Внезапно молодые люди заговорили о процессе Крюгера. С какой-то холодной, нагло доброжелательной фамильярностью. Иоганна словно ощутила удар. Гнусно было видеть свое дело разжеванным и расплеванным грязными устами этой мрази. Но она не подала вида. Своими спокойными, доверчивыми глазами присматривалась она к лицу этой самоуверенной извращенности. Как странно, что люди могли быть так молоды и так лишены всякой веры. На этом сухом, жестком цинизме не могло уже произрасти ничто, здесь ничто не могло пустить, корни – ни чувство, ни идея.
– Раз такой адвокат, как доктор Гейер, взялся вести дело, – неожиданно заявил Эрих Борнгаак, уставившись на крашеные, наманикюренные ногти своих тонкокожих рук, – заранее можно было быть уверенным, что ничего хорошего не получится. Знаете, – внезапно добавил он, впиваясь в Иоганну взглядом, – что доктор Гейер мой фактический отец.

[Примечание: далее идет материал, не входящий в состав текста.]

(* Let $\xi_1,\dots,\xi_S$ be finitely many scenarios, $\varepsilon\in(0,1)$, and let $g(\cdot,\xi_i):\mathbb{R}^n\to\mathbb{R}$ be Lipschitz continuous for all $i=1,\dots,S$. Then the quantile function $q$ is Lipschitz continuous. Moreover, if for some $\hat x$ the index $i(\hat x)$ is unique and $g(\cdot,\xi_{i(\hat x)})$ is differentiable around $\hat x$, then $q$ is differentiable at $\hat x$.
   Context: The quantile function is $q(x):=\inf\{t\mid \frac1S\sum_{i=1}^S\chi(g(x,\xi_i)\le t)\ge 1-\varepsilon\}$, where $\chi$ is the $0$-$1$ indicator function (i.e. the $(1-\varepsilon)$-quantile of $g(x,\xi)$ when $\xi$ is uniformly distributed on $\{\xi_1,\dots,\xi_S\}$). For every $x$ there is an index $i(x)\in\{1,\dots,S\}$ with $q(x)=g(x,\xi_{i(x)})$; ''$i(\hat x)$ is unique'' means that exactly one index $i$ satisfies $g(\hat x,\xi_i)=q(\hat x)$. *)

From mathcomp Require Import all_boot all_order all_algebra.
From mathcomp Require Import all_classical all_reals all_analysis.
Set Implicit Arguments. Unset Strict Implicit. Unset Printing Implicit Defensive.
Import Order.TTheory GRing.Theory Num.Theory.
Import numFieldNormedType.Exports.
Local Open Scope classical_set_scope.
Local Open Scope ring_scope.

(* Scenario functions: g i = g(., xi_(i+1)), i : 'I_S.
   Empirical (1-eps)-quantile:
   q(x) = inf { t | (1/S) * #{ i | g i x <= t } >= 1 - eps }. *)
Definition quantile (R : realType) (n S : nat) (eps : R)
  (g : 'I_S -> 'rV[R]_n -> R) (x : 'rV[R]_n) : R :=
  inf [set t : R | 1 - eps <= (#|[set i : 'I_S | g i x <= t]|%:R / S%:R)].

(* The empirical quantile of finitely many values f_1, ..., f_S is the least
   element of the set of levels t at which at least (1 - eps) S of the values
   are <= t; this minimum is attained at one of the values, since every such t
   can be lowered to the largest value below it without changing the count.
   The quantile is monotone in the values and commutes with adding a constant
   to all of them, so it moves by at most max_i |f_i - h_i| when the values
   move from f to h: Lipschitz constants of the g i carry over to q.  If at
   xhat only g i0 attains q, the other values stay 2e away from q(xhat) for
   some e > 0; near xhat all values move by at most e, and since q(x) is one
   of them it can only be g i0 x, so q coincides with g i0 near xhat. *)

From mathcomp Require Import all_boot all_order all_algebra.
From mathcomp Require Import all_classical all_reals all_analysis.
From mathcomp Require Import lra.
Set Implicit Arguments. Unset Strict Implicit. Unset Printing Implicit Defensive.
Import Order.TTheory GRing.Theory Num.Theory.
Import numFieldNormedType.Exports.
Local Open Scope classical_set_scope.
Local Open Scope ring_scope.

Section EmpiricalQuantile.
Variables (R : realType) (S : nat) (eps : R).
Implicit Types (f h : 'I_S -> R) (t d e : R).

Definition card_sublevel f t : nat := #|[set i | f i <= t]|.

Definition quantile_set f := [set t | 1 - eps <= (card_sublevel f t)%:R / S%:R].

Definition empirical_quantile f : R := inf (quantile_set f).

Lemma mem_sublevel f t i : (i \in [set j | f j <= t]) = (f i <= t).
Proof. by apply/idP/idP; rewrite inE. Qed.

Lemma card_sublevel_le f1 f2 t1 t2 :
  (forall i, f1 i <= t1 -> f2 i <= t2) ->
  (card_sublevel f1 t1 <= card_sublevel f2 t2)%N.
Proof.
move=> sub; apply/subset_leq_card/fintype.subsetP => i.
by rewrite !mem_sublevel; exact: sub.
Qed.

Lemma card_sublevel_snap f t : (0 < card_sublevel f t)%N ->
  exists2 i, f i <= t & card_sublevel f (f i) = card_sublevel f t.
Proof.
case/card_gt0P => i0; rewrite mem_sublevel => fi0.
case: (@arg_maxP _ _ _ i0 (fun i => f i <= t) f fi0) => i fi i_max; exists i => //.
by apply/eqP; rewrite eqn_leq !card_sublevel_le // => j /le_trans; apply.
Qed.

Hypotheses (S_gt0 : (0 < S)%N) (eps_ge0 : 0 <= eps) (eps_lt1 : eps < 1).

Lemma quantile_set_card_gt0 f t : quantile_set f t -> (0 < card_sublevel f t)%N.
Proof.
rewrite /quantile_set /= lt0n; apply: contraPneq => ->.
by rewrite mul0r; apply/negP; rewrite -ltNge subr_gt0.
Qed.

Lemma quantile_set_max_value f : exists i, quantile_set f (f i).
Proof.
have i0 : 'I_S := Ordinal S_gt0.
case: (@arg_maxP _ _ _ i0 predT f isT) => i _ i_max; exists i; rewrite /quantile_set /=.
have -> : card_sublevel f (f i) = S.
  by rewrite -[RHS]card_ord; apply: eq_card => j; rewrite mem_sublevel inE; exact: i_max.
by rewrite divff ?pnatr_eq0 -?lt0n // gerBl.
Qed.

Lemma quantile_set_min_value f :
  exists i, quantile_set f (f i) /\ forall t, quantile_set f t -> f i <= t.
Proof.
have [i0 qi0] := quantile_set_max_value f.
case: (@arg_minP _ _ _ i0 (fun i => `[< quantile_set f (f i) >]) f) => [|i].
  exact/asboolP.
move=> /asboolP qi i_min; exists i; split => // t qt.
have [j fj eq_card] := card_sublevel_snap (quantile_set_card_gt0 qt).
apply: le_trans (i_min j _) fj; apply/asboolP.
by rewrite /quantile_set /= eq_card.
Qed.

Lemma empirical_quantile_value f :
  exists i, empirical_quantile f = f i /\ quantile_set f (f i) /\
            forall t, quantile_set f t -> f i <= t.
Proof.
have [i [qi i_min]] := quantile_set_min_value f; exists i; split => //.
apply/le_anti/andP; split; first by apply: ge_inf => //; exists (f i).
by apply: lb_le_inf => //; exists (f i).
Qed.

Local Notation q := empirical_quantile.

Lemma empirical_quantile_le_shift f1 f2 d :
  (forall i, f2 i <= f1 i + d) -> q f2 <= q f1 + d.
Proof.
move=> f21; have [i1 [-> [q1 _]]] := empirical_quantile_value f1.
have [i2 [-> [_ min2]]] := empirical_quantile_value f2.
apply: min2; apply: le_trans q1 _; apply: ler_wpM2r; first by rewrite invr_ge0.
by rewrite ler_nat; apply: card_sublevel_le => j; rewrite -(lerD2r d); apply: le_trans.
Qed.

Lemma empirical_quantile_dist f1 f2 d :
  (forall i, `|f1 i - f2 i| <= d) -> `|q f1 - q f2| <= d.
Proof.
move=> f12.
have le21 : q f2 <= q f1 + d.
  by apply: empirical_quantile_le_shift => i; have := f12 i; rewrite ler_norml; lra.
have le12 : q f1 <= q f2 + d.
  by apply: empirical_quantile_le_shift => i; have := f12 i; rewrite ler_norml; lra.
by rewrite ler_norml; apply/andP; split; lra.
Qed.

Lemma empirical_quantile_isolated f h i0 e :
  q f = f i0 -> (forall j, j != i0 -> 2 * e < `|f j - q f|) ->
  (forall j, `|h j - f j| <= e) -> q h = h i0.
Proof.
move=> qf sep hf; have [j [qh _]] := empirical_quantile_value h.
have [<-|ji0] := eqVneq j i0; first exact: qh.
have : `|f j - q f| <= 2 * e.
  apply: le_trans (ler_distD (h j) _ _) _; rewrite mulr2n mulrDl !mul1r.
  by apply: lerD; [rewrite distrC | rewrite -qh; apply: empirical_quantile_dist].
by rewrite leNgt sep.
Qed.

End EmpiricalQuantile.

Lemma near_eq_differentiable (R : numFieldType) (V W : normedModType R)
    (f g : V -> W) (x : V) :
  differentiable f x -> {near x, f =1 g} -> differentiable g x.
Proof.
move=> df fg; have fgx : f x = g x := nbhs_singleton fg.
have g_expand : g \o shift x = cst (g x) + 'd f x +o_ 0 id.
  apply/eqaddoP => e e_gt0.
  have fg0 : \forall h \near 0, f (h + x) = g (h + x).
    by move: fg; rewrite (near_shift 0) subr0.
  have /eqaddoP/(_ e e_gt0) := diff_locally df.
  by apply: filterS2 fg0 => h fgh; rewrite !fctE /= fgh fgx.
apply/diff_locallyP.
have -> : 'd g x = 'd f x :> (V -> W).
  exact: diff_unique (diff_continuous df) g_expand.
by split => //; exact: diff_continuous.
Qed.

Theorem lemmaA1 (R : realType) (n S : nat) (eps : R)
  (g : 'I_S -> 'rV[R]_n -> R) :
  (0 < S)%N -> 0 < eps -> eps < 1 ->
  (forall i, [lipschitz g i x | x in setT]) ->
  [lipschitz quantile eps g x | x in setT] /\
  (forall xhat : 'rV[R]_n,
     (exists! i, g i xhat = quantile eps g xhat) ->
     (forall i, g i xhat = quantile eps g xhat ->
        \forall x \near xhat, differentiable (g i) x) ->
     differentiable (quantile eps g) xhat).
Proof.
move=> S_gt0 eps_gt0 eps_lt1 g_lip; have eps_ge0 := ltW eps_gt0.
have -> : quantile eps g = fun x => empirical_quantile eps (g^~ x) by [].
have g_unif : \forall k \near +oo, forall i, k.-lipschitz (g i).
  exact: filter_forall.
split.
  apply: filterS g_unif => k gk [x y] _.
  by apply: empirical_quantile_dist => // i; exact: (gk i (x, y)).
move=> xhat [i0 [qi0 i0_uniq]] g_diff.
have [k k_gt0 gk] := pinfty_ex_gt0 g_unif.
have sep : \forall e \near 0^'+, forall j, j != i0 ->
    2 * e < `|g j xhat - empirical_quantile eps (g^~ xhat)|.
  apply: filter_forall => j; have [_|ji0] := eqVneq j i0; first exact: nearW.
  have gap : 0 < `|g j xhat - empirical_quantile eps (g^~ xhat)|.
    by rewrite normr_gt0 subr_eq0; apply: contra_neq ji0 => /i0_uniq ->.
  near=> e => _; rewrite -ltr_pdivlMl //; near: e; apply: nbhs_right_lt.
  by rewrite mulr_gt0 ?invr_gt0.
near (0 : R)^'+ => e.
have e_gt0 : 0 < e by near: e; exact: nbhs_right_gt.
apply: (near_eq_differentiable (nbhs_singleton (g_diff i0 qi0))).
near=> x; apply/esym.
apply: (empirical_quantile_isolated (e := e) S_gt0 eps_ge0 eps_lt1 (esym qi0)).
  by near: e.
move=> j; apply: le_trans (gk j (x, xhat) _) _ => //.
rewrite -ler_pdivlMl // distrC; near: x; apply: cvgr_dist_le; first exact: cvg_id.
by rewrite mulr_gt0 ?invr_gt0.
Unshelve. all: by end_near. Qed.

Иоганна так растерянно уставилась в глаза юноши, что г-н фон Дельмайер беззастенчиво разразился своим плоским свистящим смехом.
– Доктор Гейер, – звучал дальше тонкий насмешливый голос Эриха, – давал кое-какие деньги на его, Эриха, воспитание. Он сам, впрочем, не верил в это отцовство, у него есть основания не верить.
Теперь она вдруг почувствовала, что с нее довольно. Она жаждала свежего воздуха. Ничто уже не способно было удержать ее, она рвалась прочь от этого нелепого «лунного ландшафта», рвалась поговорить с Жаком Тюверленом.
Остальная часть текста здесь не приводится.